■ Aim of the exercise ■
Lines that include "else" make up the answer; copy all of them from the data below.

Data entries
Lemma nonneg_fixpoint (K : S -> S -> R) (w f : S -> R) :
  (forall s s', 0 <= K s s') -> (forall s, 0 <= w s) ->
  (forall s, w s = 1 + \sum_s' K s' s * w s') -> (forall s, 0 <= f s) ->
  exists2 v : S -> R, (forall s, 0 <= v s) & (forall s, v s = f s + \sum_s' K s s' * v s').
Proof.
move=> K0 w0 hw f0.
pose step (v : S -> R) s := f s + \sum_s' K s s' * v s'.
pose v k := iter k step (fun _ => 0).
have vS k s : v k.+1 s = f s + \sum_s' K s s' * v k s' by [].
have v0 k s : 0 <= v k s.
  elim: k s => [|k IH] s //; rewrite vS addr_ge0 // sumr_ge0 // => s' _.
  exact: mulr_ge0.
have v_inc k s : v k s <= v k.+1 s.
  elim: k s => [|k IH] s; first exact: v0.
  by rewrite (vS k.+1) vS lerD2l ler_sum // => s' _; rewrite ler_wpM2l.
have v_le k s : v k s <= \sum_s w s * f s.
  (* summed against [w], the slacks [v_k - K v_k <= f] telescope to [sum v_k] *)
  have hv s' : v k s' =
      (v k s' - \sum_s'' K s' s'' * v k s'') + \sum_s'' K s' s'' * v k s'' by ring.
  apply: (le_trans (ler_sum_term s (v0 k))).
  have -> : \sum_s v k s = \sum_s w s * (v k s - \sum_s' K s s' * v k s').
    by rewrite (fixpoint_adjoint_sum hw hv); apply: eq_bigr => s' _; rewrite mul1r.
  by apply: ler_sum => s' _; rewrite ler_wpM2l // lerBlDr -vS.
have [L [Lge Lapprox]] := nondecreasing_uniform_limit v_inc v_le.
have K_sum0 s : 0 <= \sum_s' K s s' by exact: sumr_ge0.
exists L => [s|s]; first exact: le_trans (v0 0%N s) (Lge 0%N s).
apply/eqP; rewrite eq_le; apply/andP; split.
- apply/ler_addgt0Pr => e /Lapprox[k hk]; apply: (le_trans (hk s)).
  rewrite lerD2r (le_trans (v_inc k s)) // vS lerD2l.
  by apply: ler_sum => s' _; rewrite ler_wpM2l.
- apply: (ler_addgt0_scaled (K_sum0 s)) => e /Lapprox[k hk].
  apply: (@le_trans _ _ (v k.+1 s + e * \sum_s' K s s')); last by rewrite lerD2r.
  rewrite vS -addrA lerD2l mulr_sumr -big_split /=.
  by apply: ler_sum => s' _; rewrite [e * _]mulrC -mulrDr ler_wpM2l.
Qed.

Lemma jointly_convex_subadditive (D : (S -> R) -> (S -> R) -> R) :
  jointly_convex D -> pos_homogeneous D ->
  forall p1 p1' p2 p2', nonneg_vec p1 -> nonneg_vec p1' -> nonneg_vec p2 -> nonneg_vec p2' ->
  D (fun s => p1 s + p2 s) (fun s => p1' s + p2' s) <= D p1 p1' + D p2 p2'.
Proof.
move=> D_conv D_hom p1 p1' p2 p2' n1 n1' n2 n2'.
pose mid (u u' : S -> R) s := 2^-1 * u s + (1 - 2^-1) * u' s.
have mid_ge0 p p' : nonneg_vec p -> nonneg_vec p' -> nonneg_vec (mid p p').
  by move=> np np' s; rewrite addr_ge0 ?mulr_ge0 // subr_ge0 invf_le1 // ler1n.
have twice p p' : (fun s => p s + p' s) = (fun s => 2 * mid p p' s).
  by apply: boolp.funext => s; rewrite /mid; field.
rewrite twice (twice p1') D_hom ?ler0n //; [|exact: mid_ge0..].
have : D (mid p1 p2) (mid p1' p2') <= 2^-1 * D p1 p1' + (1 - 2^-1) * D p2 p2'.
  by apply: D_conv => //; lra.
lra.
Qed.

End Vectors.

Section Occupancy.
Variables (R : realType) (S Act : finType) (A : S -> {set Act})
  (P : S -> Act -> S -> R) (q : S -> Act -> R).
Hypothesis q_occ : occupancy_feasible A P q.

Lemma occupancy_actions_nonempty :
  (forall s a, nonneg_vec (P s a)) -> forall s, exists a, a \in A s.
Proof.
move=> P_ge0 s; have [a a_in|A0] := pickP (mem (A s)); first by exists a.
have := q_occ.2 s; rewrite big_pred0 //.
have : 0 <= \sum_s' \sum_(a in A s') q s' a * P s' a s.
  apply: sumr_ge0 => s' _; apply: sumr_ge0 => a a_in.
  by apply: mulr_ge0; [exact: q_occ.1 | exact: P_ge0].
lra.
Qed.

Lemma occupancy_telescope (x : S -> R) :
  \sum_s \sum_(a in A s) q s a * (x s - \sum_s' P s a s' * x s') = \sum_s x s.
Proof.
have flow : \sum_s \sum_(a in A s) q s a * \sum_s' P s a s' * x s' =
    \sum_s' x s' * \sum_s \sum_(a in A s) q s a * P s a s'.
  under eq_bigr do under eq_bigr do rewrite mulr_sumr.
  under eq_bigr do rewrite exchange_big /=.
  rewrite exchange_big /=; apply: eq_bigr => s' _.
  rewrite mulr_sumr; apply: eq_bigr => s _; rewrite mulr_sumr.
  by apply: eq_bigr => a _; ring.
under eq_bigr do under eq_bigr do rewrite mulrBr.
under eq_bigr do rewrite sumrB.
rewrite sumrB flow -sumrB; apply: eq_bigr => s _.
by rewrite -mulr_suml q_occ.2; ring.
Qed.

End Occupancy.

Section RobustBellman.
Variables (R : realType) (S Act : finType) (A : S -> {set Act})
  (c : S -> Act -> R) (Phat : S -> Act -> S -> R)
  (D : (S -> R) -> (S -> R) -> R) (eps : S -> Act -> R).
Hypotheses (c_ge0 : forall s a, 0 <= c s a) (Phat_sub : forall s a, subdist (Phat s a))
  (D_conv : jointly_convex D) (D_diag : forall p, nonneg_vec p -> D p p = 0)
  (D_hom : pos_homogeneous D) (eps_ge0 : forall s a, 0 <= eps s a).

Local Notation Pe := (Peps Phat D eps).

Lemma Phat_Peps s a : Pe s a (Phat s a).
Proof. by split; rewrite ?D_diag //; case: (Phat_sub s a). Qed.

Lemma bonus_has_inf s a (x : S -> R) :
  has_inf [set \sum_s' (p s' - Phat s a s') * x s' | p in Pe s a].
Proof.
split; first by exists (\sum_s' (Phat s a s' - Phat s a s') * x s'), (Phat s a);
  first exact: Phat_Peps.
exists (- \sum_s' `|x s'|) => _ [p [p_sub _] <-].
by rewrite -sumrN; apply: ler_sum => s' _; apply: lerN_norm_mulB; exact: subdist_bounds.
Qed.

Lemma sum_subr_mul (p p' x : S -> R) :
  \sum_s (p s - p' s) * x s = \sum_s p s * x s - \sum_s p' s * x s.
Proof. by rewrite -sumrB; apply: eq_bigr => s _; rewrite mulrBl. Qed.

(* The robust expectation [min_(p in P_eps(s,a)) p . x]: CB_min is its gap to the nominal one. *)
Definition rexp s a x := \sum_s' Phat s a s' * x s' + CBmin Phat D eps s a x.

Lemma rexp_le s a x p : Pe s a p -> rexp s a x <= \sum_s' p s' * x s'.
Proof.
move=> p_in; have : CBmin Phat D eps s a x <= \sum_s' (p s' - Phat s a s') * x s'.
  by apply: ge_inf; [case: (bonus_has_inf s a x) | exists p].
by rewrite /rexp sum_subr_mul; lra.
Qed.

Lemma rexp_approx s a x e : 0 < e ->
  exists2 p, Pe s a p & \sum_s' p s' * x s' < rexp s a x + e.
Proof.
move=> e0; have [_ [p p_in <-]] := inf_adherent e0 (bonus_has_inf s a x).
by rewrite sum_subr_mul /rexp /CBmin => lt_e; exists p => //; lra.
Qed.

Lemma rexp_shift s a (x y : S -> R) e : 0 <= e -> (forall s', x s' <= y s' + e) ->
  rexp s a x <= rexp s a y + e.
Proof.
move=> e0 le_xy; apply/ler_addgt0Pr => d /(rexp_approx s a y)[p p_in lt_py].
have [p_ge0 p_le1] := p_in.1.
apply: (le_trans (rexp_le x p_in)).
have : \sum_s' p s' * x s' <= \sum_s' p s' * y s' + e.
  apply: (@le_trans _ _ (\sum_s' p s' * (y s' + e))).
    by apply: ler_sum => s' _; rewrite ler_wpM2l.
  under eq_bigr do rewrite mulrDr.
  by rewrite big_split /= lerD2l -mulr_suml ler_piMl.
lra.
Qed.

Lemma rexp_ge0 s a x : nonneg_vec x -> 0 <= rexp s a x.
Proof.
move=> x_ge0; apply/ler_addgt0Pr => d /(rexp_approx s a x)[p [[p_ge0 _] _]].
have : 0 <= \sum_s' p s' * x s' by apply: sumr_ge0 => s' _; rewrite mulr_ge0.
lra.
Qed.

Definition qval s a x := c s a + rexp s a x.

Lemma feasA_qval x : feasA A c Phat D eps x <-> forall s a, a \in A s -> x s <= qval s a x.
Proof. by rewrite /qval /rexp; split => le_x s a /le_x; rewrite addrA. Qed.

Lemma weak_duality x qP : feasA A c Phat D eps x -> feasB A Phat D eps qP ->
  \sum_s x s <= \sum_s \sum_(a in A s) qP.1 s a * c s a.
Proof.
case: qP => q P /feasA_qval le_x [/= P_in q_occ].
rewrite -(occupancy_telescope q_occ x); apply: ler_sum => s _; apply: ler_sum => a a_in.
apply: ler_wpM2l; first exact: q_occ.1.
by rewrite lerBlDr (le_trans (le_x s a a_in)) // /qval lerD2l; apply/rexp_le/P_in.
Qed.

Lemma valueA_le_valueB : (valueA A c Phat D eps <= valueB A c Phat D eps)%E.
Proof.
apply: ge_ereal_sup => _ [x x_feas <-]; apply: le_ereal_inf_tmp => _ [qP qP_feas <-].
by rewrite lee_fin weak_duality.
Qed.

Hypothesis A_nonempty : forall s, exists a, a \in A s.

Definition bellman x s := inf [set qval s a x | a in [set a | a \in A s]].

Lemma bellman_has_inf x s : has_inf [set qval s a x | a in [set a | a \in A s]].
Proof.
split; first by have [a a_in] := A_nonempty s; exists (qval s a x), a.
exists (- \sum_a `|qval s a x|) => _ [a _ <-].
rewrite lerNl (le_trans (ler_norm _)) // normrN.
exact: (@ler_sum_term _ _ (fun a => `|qval s a x|) a (fun _ => normr_ge0 _)).
Qed.

Lemma bellman_le x s a : a \in A s -> bellman x s <= qval s a x.
Proof. by move=> a_in; apply: ge_inf; [case: (bellman_has_inf x s) | exists a]. Qed.

Lemma bellman_approx x s e : 0 < e ->
  exists2 a, a \in A s & qval s a x < bellman x s + e.
Proof. by move=> e0; have [_ [a a_in <-]] := inf_adherent e0 (bellman_has_inf x s); exists a. Qed.

Lemma bellman_shift (x y : S -> R) e s : 0 <= e -> (forall s', x s' <= y s' + e) ->
  bellman x s <= bellman y s + e.
Proof.
move=> e0 le_xy; apply/ler_addgt0Pr => d /(bellman_approx y s)[a a_in lt_ay].
apply: (le_trans (bellman_le x a_in)).
have := rexp_shift s a e0 le_xy; move: lt_ay; rewrite /qval; lra.
Qed.

Lemma bellman_ge0 x s : nonneg_vec x -> 0 <= bellman x s.
Proof.
move=> x_ge0; apply/ler_addgt0Pr => d /(bellman_approx x s)[a _].
have := rexp_ge0 s a x_ge0; have := c_ge0 s a; rewrite /qval; lra.
Qed.

(* [v] lies in [W * P_eps(s,a)], stated without dividing by [W]: the flows
   [q(s,a) * P(.|s,a)] of a feasible point of (B) are exactly such vectors. *)
Definition Peps_cone s a W (v : S -> R) := [/\ 0 <= W, nonneg_vec v, \sum_s' v s' <= W &
  D v (fun s' => W * Phat s a s') <= W * eps s a].

Lemma Peps_cone_scale s a W p : 0 <= W -> Pe s a p -> Peps_cone s a W (fun s' => W * p s').
Proof.
move=> W_ge0 [[p_ge0 p_le1] D_le]; split => //.
- by move=> s'; rewrite mulr_ge0.
- by rewrite -mulr_sumr ler_piMr.
- by rewrite D_hom ?ler_wpM2l //; case: (Phat_sub s a).
Qed.

Lemma Peps_cone0 s a : Peps_cone s a 0 (fun _ => 0).
Proof.
have -> : (fun _ => 0) = (fun s' => 0 * Phat s a s') :> (S -> R).
  by apply: boolp.funext => s'; rewrite mul0r.
exact: Peps_cone_scale (lexx 0) (Phat_Peps s a).
Qed.

Lemma Peps_cone_add s a W1 W2 v1 v2 : Peps_cone s a W1 v1 -> Peps_cone s a W2 v2 ->
  Peps_cone s a (W1 + W2) (fun s' => v1 s' + v2 s').
Proof.
move=> [W1_ge0 v1_ge0 v1_le D1] [W2_ge0 v2_ge0 v2_le D2]; split.
- exact: addr_ge0.
- by move=> s'; rewrite addr_ge0.
- by rewrite big_split lerD.
have Phat_ge0 : nonneg_vec (Phat s a) by case: (Phat_sub s a).
have -> : (fun s' => (W1 + W2) * Phat s a s') =
    (fun s' => W1 * Phat s a s' + W2 * Phat s a s').
  by apply: boolp.funext => s'; rewrite mulrDl.
rewrite mulrDl; apply: le_trans (lerD D1 D2).
by apply: jointly_convex_subadditive => // s'; rewrite mulr_ge0.
Qed.

Lemma Peps_cone_sum (I : Type) (r : seq I) s a (W : I -> R) (v : I -> S -> R) :
  (forall i, Peps_cone s a (W i) (v i)) ->
  Peps_cone s a (\sum_(i <- r) W i) (fun s' => \sum_(i <- r) v i s').
Proof.
move=> v_in; elim: r => [|i r IH].
  have -> : (fun s' => \sum_(i <- [::]) v i s') = (fun _ => 0).
    by apply: boolp.funext => s'; rewrite big_nil.
  by rewrite big_nil; exact: Peps_cone0.
have -> : (fun s' => \sum_(j <- i :: r) v j s') = (fun s' => v i s' + \sum_(j <- r) v j s').
  by apply: boolp.funext => s'; rewrite big_cons.
by rewrite big_cons; apply: Peps_cone_add.
Qed.

Lemma Peps_cone_normalize s a W v : Peps_cone s a W v -> 0 < W -> Pe s a (fun s' => v s' / W).
Proof.
move=> [_ v_ge0 v_le D_le] W_gt0; split; first split.
- by move=> s'; rewrite divr_ge0 // ltW.
- by rewrite -mulr_suml ler_pdivrMr // mul1r.
have Phat_ge0 : nonneg_vec (Phat s a) by case: (Phat_sub s a).
have -> : (fun s' => v s' / W) = (fun s' => W^-1 * v s').
  by apply: boolp.funext => s'; rewrite mulrC.
have -> : Phat s a = (fun s' => W^-1 * (W * Phat s a s')).
  by apply: boolp.funext => s'; rewrite mulKf // gt_eqF.
rewrite D_hom ?invr_ge0 ?(ltW W_gt0) // ?ler_pdivrMl //.
by move=> s'; rewrite mulr_ge0 // ltW.
Qed.

Lemma Peps_cone0_eq0 s a v : Peps_cone s a 0 v -> v = fun _ => 0.
Proof.
move=> [_ v_ge0 v_le _]; apply: boolp.funext => s'; apply/eqP.
by rewrite eq_le v_ge0 andbT (le_trans _ v_le) // ler_sum_term.
Qed.

(* Where [q s a = 0] the law is irrelevant and [Phat] is used. *)
Definition flow_kernel (q : S -> Act -> R) (w : S -> Act -> S -> R) s a :=
  if 0 < q s a then (fun s' => w s a s' / q s a) else Phat s a.

Lemma feasB_flow_kernel q w :
  (forall s a, a \in A s -> Peps_cone s a (q s a) (w s a)) ->
  (forall s, \sum_(a in A s) q s a = 1 + \sum_s' \sum_(a in A s') w s' a s) ->
  feasB A Phat D eps (q, flow_kernel q w).
Proof.
move=> w_in q_flow; split; [|split] => /=.
- move=> s a a_in; rewrite /flow_kernel; case: ifP => [q_gt0|_]; last exact: Phat_Peps.
  exact: Peps_cone_normalize (w_in s a a_in) q_gt0.
- by move=> s a /w_in[].
move=> s; rewrite q_flow; congr (_ + _); apply: eq_bigr => s' _; apply: eq_bigr => a a_in.
rewrite /flow_kernel; case: ifPn => [q_gt0|q_le0]; first by rewrite mulrC mulfVK ?gt_eqF.
have [q_ge0 _ _ _] := w_in s' a a_in.
have q0 : q s' a = 0 by apply/eqP; rewrite eq_le q_ge0 andbT leNgt.
by move: (w_in s' a a_in); rewrite q0 mul0r => /Peps_cone0_eq0 ->.
Qed.

Section Horizon.
Variables (n : nat) (act : nat -> S -> Act) (tr : nat -> S -> S -> R)
  (V : nat -> S -> R) (dl : R).
Hypotheses (act_in : forall t s, act t s \in A s)
  (tr_in : forall t s, Pe s (act t s) (tr t s))
  (act_greedy : forall t s, (t < n)%N ->
     c s (act t s) + \sum_s' tr t s s' * V t.+1 s' <= V t s + dl)
  (dl_ge0 : 0 <= dl).

(* Mass in each state at time [t] when every state starts with mass 1, as in the
   constraints of (B). *)
Fixpoint visit t : S -> R :=
  if t is t'.+1 then fun s => \sum_s' visit t' s' * tr t' s' s else fun _ => 1.

Lemma visit_ge0 t s : 0 <= visit t s.
Proof.
elim: t s => [|t IH] s /=; first exact: ler01.
by apply: sumr_ge0 => s' _; rewrite mulr_ge0 //; case: (tr_in t s') => -[].
Qed.

Lemma sum_visit_le t : \sum_s visit t s <= #|S|%:R.
Proof.
elim: t => [|t IH]; first by rewrite sumr_const.
apply: le_trans IH; rewrite exchange_big /=; apply: ler_sum => s' _.
by rewrite -mulr_sumr ler_piMr ?visit_ge0 //; case: (tr_in t s') => -[].
Qed.

Definition horizon_occ s a :=
  \sum_(0 <= t < n) (if act t s == a then visit t s else 0).

Definition horizon_flow s a s' :=
  \sum_(0 <= t < n) (if act t s == a then visit t s * tr t s s' else 0).

Lemma horizon_cone s a : Peps_cone s a (horizon_occ s a) (horizon_flow s a).
Proof.
apply: (@Peps_cone_sum _ _ s a (fun t => if act t s == a then visit t s else 0)
  (fun t s' => if act t s == a then visit t s * tr t s s' else 0)) => t.
case: eqP => [<-|_]; last exact: Peps_cone0.
exact: Peps_cone_scale (visit_ge0 t s) (tr_in t s).
Qed.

■ Written response ■
  if 0 < q s a then (fun s' => w s a s' / q s a) else Phat s a.
  if t is t'.+1 then fun s => \sum_s' visit t' s' * tr t' s' s else fun _ => 1.
  \sum_(0 <= t < n) (if act t s == a then visit t s else 0).
  \sum_(0 <= t < n) (if act t s == a then visit t s * tr t s s' else 0).
apply: (@Peps_cone_sum _ _ s a (fun t => if act t s == a then visit t s else 0)
  (fun t s' => if act t s == a then visit t s * tr t s s' else 0)) => t.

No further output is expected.